On Friday, July 6 at 16:00 CEST (14:00 UTC) the Accedo One team observed an increasing amount of errors on Publish API endpoints and elevated response times.
#Incident Details
During the investigation, the issue was identified to be caused by an abnormally large increase of traffic on Publish API endpoints. Observed traffic was approximately ten times the overall normal traffic on the system (including high-load events, such as World Cup 2018) with majority of the traffic targeting Publish endpoints.
#Resolution Details
As part of an immediate resolution, an additional short-lived cache tier was placed in front of Publish endpoints. Additional compute capacity was also deployed to offload the underlying services and allow systems to return back to a regular operational state.
At 17:09 CEST (15:09 UTC) all Accedo One APIs returned fully to their operational state.
#Mitigation & Planned Actions
The changes implemented during last night’s incident remain in place, as well as new fixes to be put in place, as outlined below.
Accedo One has identified opportunities for scalability improvements for Publish endpoints and will immediately prioritize improvements to the related services. These changes will provide better availability during abnormal load spikes for Publish endpoints, with the intended goal of minimizing service degradation times. These upgrades will be rolled out as soon as possible, but not before the end of the World Cup.
Additionally, the Accedo One team is investigating other complimentary solutions, such as rate limiting, to improve resilience of the entire system and increase protection of our customers.

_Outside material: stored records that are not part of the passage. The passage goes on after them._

Lemma BC_local_change (w w' : V -> V -> R) s0 t0 v : s0 != v -> t0 != v ->
  (forall s t, (s, t) != (s0, t0) -> is_shortest e w s t =1 is_shortest e w' s t) ->
  BC e w v - BC e w' v = bc_term w s0 t0 v - bc_term w' s0 t0 v.
Proof.
move=> s0v t0v same; rewrite !BCE -sumrB (bigD1 s0) //=.
rewrite [X in _ + X]big1 => [|s /andP[_ ss0]]; last first.
  rewrite -sumrB big1 // => t _.
  by rewrite (bc_term_ext _ (same _ _ _)) ?subrr // xpair_eqE (negbTE ss0).
rewrite addr0 -sumrB (bigD1 t0) //= big1 ?addr0 // => t /andP[_ tt0].
by rewrite (bc_term_ext _ (same _ _ _)) ?subrr // xpair_eqE (negbTE tt0) andbF.
Qed.

Lemma bc_term_avoid (w : V -> V -> R) s t v :
  (forall p, is_shortest e w s t p -> v \notin p) -> bc_term w s t v = 0.
Proof.
move=> avoid; rewrite /bc_term /nsp_via (eq_count (a2 := pred0)) => [|p /=].
  by rewrite count_pred0 mul0r if_same.
by case: (boolP (is_shortest _ _ _ _ _)) => //= /avoid /negbTE.
Qed.

Lemma bc_term_through (w : V -> V -> R) s t v p0 :
  p0 \in candidates V -> is_shortest e w s t p0 ->
  (forall p, is_shortest e w s t p -> v \in p) -> bc_term w s t v = 1.
Proof.
move=> p0c sp0 through.
have pos : (0 < nsp e w s t)%N by rewrite /nsp -has_count; apply/hasP; exists p0.
rewrite /bc_term pos /nsp_via (eq_count (a2 := is_shortest e w s t)) => [|p /=].
  by rewrite divff // pnatr_eq0 -lt0n.
by case: (boolP (is_shortest _ _ _ _ _)) => //= /through.
Qed.

End Betweenness.

Lemma le_by_key (T : Type) (R : realDomainType) (P : pred T) (key f : T -> R) :
  {in P &, forall p q, key p < key q -> f p < f q} ->
  {in P &, forall p q, key p = key q -> f p = f q} ->
  {in P &, forall p q, (f p <= f q) = (key p <= key q)}.
Proof.
move=> mono inj p q Pp Pq; case: (ltgtP (key p) (key q)) => [lt|gt|eq_key].
- by rewrite ltW ?mono.
- by apply/negbTE; rewrite -ltNge mono.
- by rewrite (inj p q) // lexx.
Qed.

Lemma cmpR_le (R : realFieldType) (x y x' y' : R) :
  (x <= y) = (x' <= y') -> (y <= x) = (y' <= x') -> cmpR x y = cmpR x' y'.
Proof. by move=> le_xy le_yx; rewrite /cmpR !ltNge !eq_le le_xy le_yx. Qed.

Section LayeredGraph.
Variable n : nat.
Local Notation V := 'I_(3 * n).

Definition layer (u : V) : nat := u %/ n.
Definition col (u : V) : nat := u %% n.
Definition larc : rel V := fun u v => (layer u < layer v)%N.
(* Let $a<b$, $k>0$, $\lambda\in(0,\pi/2]$, and $f\in C^3([a,b])$ with $f'(a)=f'(b)=0$. Then there is a constant $C$ (depending only on $f,k,\lambda,a,b$) such that for every sequence $\{\epsilon_n\}$ with $\epsilon_n\in J_n$, the unique solution $y_{\epsilon_n}$ of $\epsilon_n y''+ky=f(t)$ on $[a,b]$, $y'(a)=y'(b)=0$, satisfies $$\sup_{t\in[a,b]}\Big|y_{\epsilon_n}(t)-\frac{f(t)}{k}\Big|\le C\,\epsilon_n\quad\text{for all }n.$$
   Context: For a fixed constant $\lambda\in(0,\pi/2]$ and $n=0,1,2,\dots$ define the closed intervals $$J_n=\left[\,k\left(\frac{b-a}{(n+1)\pi-\lambda}\right)^2,\ k\left(\frac{b-a}{n\pi+\lambda}\right)^2\,\right].$$ Note that $\epsilon\in J_n$ iff $\sqrt{k/\epsilon}\,(b-a)\in[n\pi+\lambda,(n+1)\pi-\lambda]$. *)

From Stdlib Require Import Reals Lra.
Open Scope R_scope.

Definition Icc (a b : R) (x : R) : Prop := a <= x <= b.

(* f has derivative l at x relative to the set D (one-sided at endpoints
   of an interval): difference quotients through points of D converge. *)
Definition deriv_within (D : R -> Prop) (f : R -> R) (x l : R) : Prop :=
  forall eps, 0 < eps -> exists delta, 0 < delta /\
    forall h, h <> 0 -> Rabs h < delta -> D (x + h) ->
      Rabs ((f (x + h) - f x) / h - l) < eps.

Definition cont_within (D : R -> Prop) (g : R -> R) (x : R) : Prop :=
  forall eps, 0 < eps -> exists delta, 0 < delta /\
    forall y, D y -> Rabs (y - x) < delta -> Rabs (g y - g x) < eps.

Definition C3_on (a b : R) (f f1 f2 f3 : R -> R) : Prop :=
  forall t, Icc a b t ->
    deriv_within (Icc a b) f t (f1 t) /\
    deriv_within (Icc a b) f1 t (f2 t) /\
    deriv_within (Icc a b) f2 t (f3 t) /\
    cont_within (Icc a b) f3 t.

Definition J (k lam a b : R) (n : nat) (eps : R) : Prop :=
  k * ((b - a) / ((INR n + 1) * PI - lam)) ^ 2 <= eps <=
  k * ((b - a) / (INR n * PI + lam)) ^ 2.

Definition is_solution (a b eps k : R) (f y y1 y2 : R -> R) : Prop :=
  (forall t, Icc a b t ->
     deriv_within (Icc a b) y t (y1 t) /\
     deriv_within (Icc a b) y1 t (y2 t) /\
     eps * y2 t + k * y t = f t) /\
  y1 a = 0 /\ y1 b = 0.

From Stdlib Require Import Reals Lra Psatz.
From Coquelicot Require Import Coquelicot.
Open Scope R_scope.

(* Writing [om^2 = k/eps], the deviation [w = y - f/k] solves [w'' + om^2 w = g]
   with [g = - f''/k] and Neumann boundary conditions.  The variation-of-constants
   quantity [w'(s) sin (om (t-s)) + (om w(s) - g(s)/om) cos (om (t-s))] has
   derivative [- g'(s) cos (om (t-s)) / om] in [s], so it moves by [O(1/om)] across
   [[a,b]].  Comparing its values at [s = a, b, t] and using [w'(a) = w'(b) = 0]
   bounds [X = om w - g/om] at [a] with the amplification [1/sin^2 (om (b-a))];
   for [eps] in [J_n] we have [|sin (om (b-a))| >= sin lam].  Hence [X = O(1/om)]
   and [w = O(1/om^2) = O(eps)]. *)

Lemma deriv_within_plus D (u v : R -> R) x u' v' :
  deriv_within D u x u' -> deriv_within D v x v' ->
  deriv_within D (fun s => u s + v s) x (u' + v').
Proof.
  intros Hu Hv eps Heps.
  destruct (Hu (eps / 2)) as [d1 [Hd1 H1]]; [lra|].
  destruct (Hv (eps / 2)) as [d2 [Hd2 H2]]; [lra|].
  exists (Rmin d1 d2); split; [now apply Rmin_pos|].
  intros h Hh Hhd HD.
  specialize (H1 h Hh (Rlt_le_trans _ _ _ Hhd (Rmin_l _ _)) HD).
  specialize (H2 h Hh (Rlt_le_trans _ _ _ Hhd (Rmin_r _ _)) HD).
  replace ((u (x + h) + v (x + h) - (u x + v x)) / h - (u' + v'))
    with (((u (x + h) - u x) / h - u') + ((v (x + h) - v x) / h - v')) by (field; auto).
  eapply Rle_lt_trans; [apply Rabs_triang|]. lra.
Qed.

Lemma deriv_within_scal D (u : R -> R) x u' c :
  deriv_within D u x u' -> deriv_within D (fun s => c * u s) x (c * u').
Proof.
  intros Hu eps Heps.
  assert (Hc : 0 < Rabs c + 1) by (pose proof (Rabs_pos c); lra).
  destruct (Hu (eps / (Rabs c + 1))) as [d [Hd H]]; [now apply Rdiv_lt_0_compat|].
  exists d; split; [exact Hd|].
  intros h Hh Hhd HD. specialize (H h Hh Hhd HD).
  replace ((c * u (x + h) - c * u x) / h - c * u')
    with (c * ((u (x + h) - u x) / h - u')) by (field; auto).
  rewrite Rabs_mult.
  apply (Rmult_lt_compat_l (Rabs c + 1)) in H; [|exact Hc].
  replace ((Rabs c + 1) * (eps / (Rabs c + 1))) with eps in H by (field; lra).
  pose proof (Rabs_pos ((u (x + h) - u x) / h - u')). nra.
Qed.

Lemma deriv_within_cont_within D F x l : deriv_within D F x l -> cont_within D F x.
Proof.
  intros H eps Heps.
  assert (Hl : 0 < Rabs l + 1) by (pose proof (Rabs_pos l); lra).
  destruct (H 1 Rlt_0_1) as [d [Hd Hq]].
  exists (Rmin d (eps / (Rabs l + 1))); split.
  { apply Rmin_pos; [exact Hd | now apply Rdiv_lt_0_compat]. }
  intros y Dy Hy.
  destruct (Req_dec y x) as [->|Hne].
  { now rewrite Rminus_eq_0, Rabs_R0. }
  specialize (Hq (y - x) ltac:(lra) (Rlt_le_trans _ _ _ Hy (Rmin_l _ _))).
  replace (x + (y - x)) with y in Hq by ring. specialize (Hq Dy).
  set (q := (F y - F x) / (y - x)) in Hq.
  replace (F y - F x) with (q * (y - x)) by (unfold q; field; lra).
  rewrite Rabs_mult.
  assert (Hql : Rabs q <= Rabs l + 1).
  { replace q with ((q - l) + l) by ring. eapply Rle_trans; [apply Rabs_triang|]. lra. }
  assert (Hye : (Rabs l + 1) * Rabs (y - x) < eps).
  { apply (Rmult_lt_compat_l (Rabs l + 1)) in Hy; [|exact Hl].
    eapply Rlt_le_trans; [exact Hy|].
    rewrite Rmult_min_distr_l by lra. etransitivity; [apply Rmin_r|]. right; field; lra. }
  pose proof (Rabs_pos (y - x)). pose proof (Rabs_pos q). nra.
Qed.

Lemma deriv_within_is_derive a b F x l :
  a < x < b -> deriv_within (Icc a b) F x l -> is_derive F x l.
Proof.
  intros Hx H. apply is_derive_Reals. intros eps Heps.
  destruct (H eps Heps) as [d [Hd Hq]].
  assert (Hp : 0 < Rmin d (Rmin (x - a) (b - x))) by (repeat apply Rmin_pos; lra).
  exists (mkposreal _ Hp). intros h Hh Hhd. simpl in Hhd.
  pose proof (Rmin_l d (Rmin (x - a) (b - x))). pose proof (Rmin_r d (Rmin (x - a) (b - x))).
  pose proof (Rmin_l (x - a) (b - x)). pose proof (Rmin_r (x - a) (b - x)).
  apply Hq; [exact Hh | lra |].
  unfold Icc. unfold Rabs in Hhd; destruct Rcase_abs; lra.
Qed.

(* Projection onto [a,b]: composing with it turns continuity relative to [a,b]
   into ordinary continuity on R, which is what the mean value theorem asks for. *)
Definition clamp (a b x : R) : R := Rmax a (Rmin b x).

Lemma clamp_Icc a b x : a <= b -> Icc a b (clamp a b x).
Proof. intros H; unfold clamp, Icc, Rmax, Rmin; repeat destruct Rle_dec; lra. Qed.

Lemma clamp_id a b x : Icc a b x -> clamp a b x = x.
Proof. unfold clamp, Icc, Rmax, Rmin; intros H; repeat destruct Rle_dec; lra. Qed.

Specifically, during the remaining World Cup games, which are expected to provide significant load spikes, we will continue to have high operational capacity, including additional live monitoring capabilities, and will deploy short-lived caching and additional compute capacity which were successful mitigation effects. This will resolve any issues for the remaining games.
With all distributed systems, it is always recommended to retain a fallback cache in the middleware and implement an incremental back-off mechanism to allow for systems to recover in case of any failures, especially due to excessive spikes in load.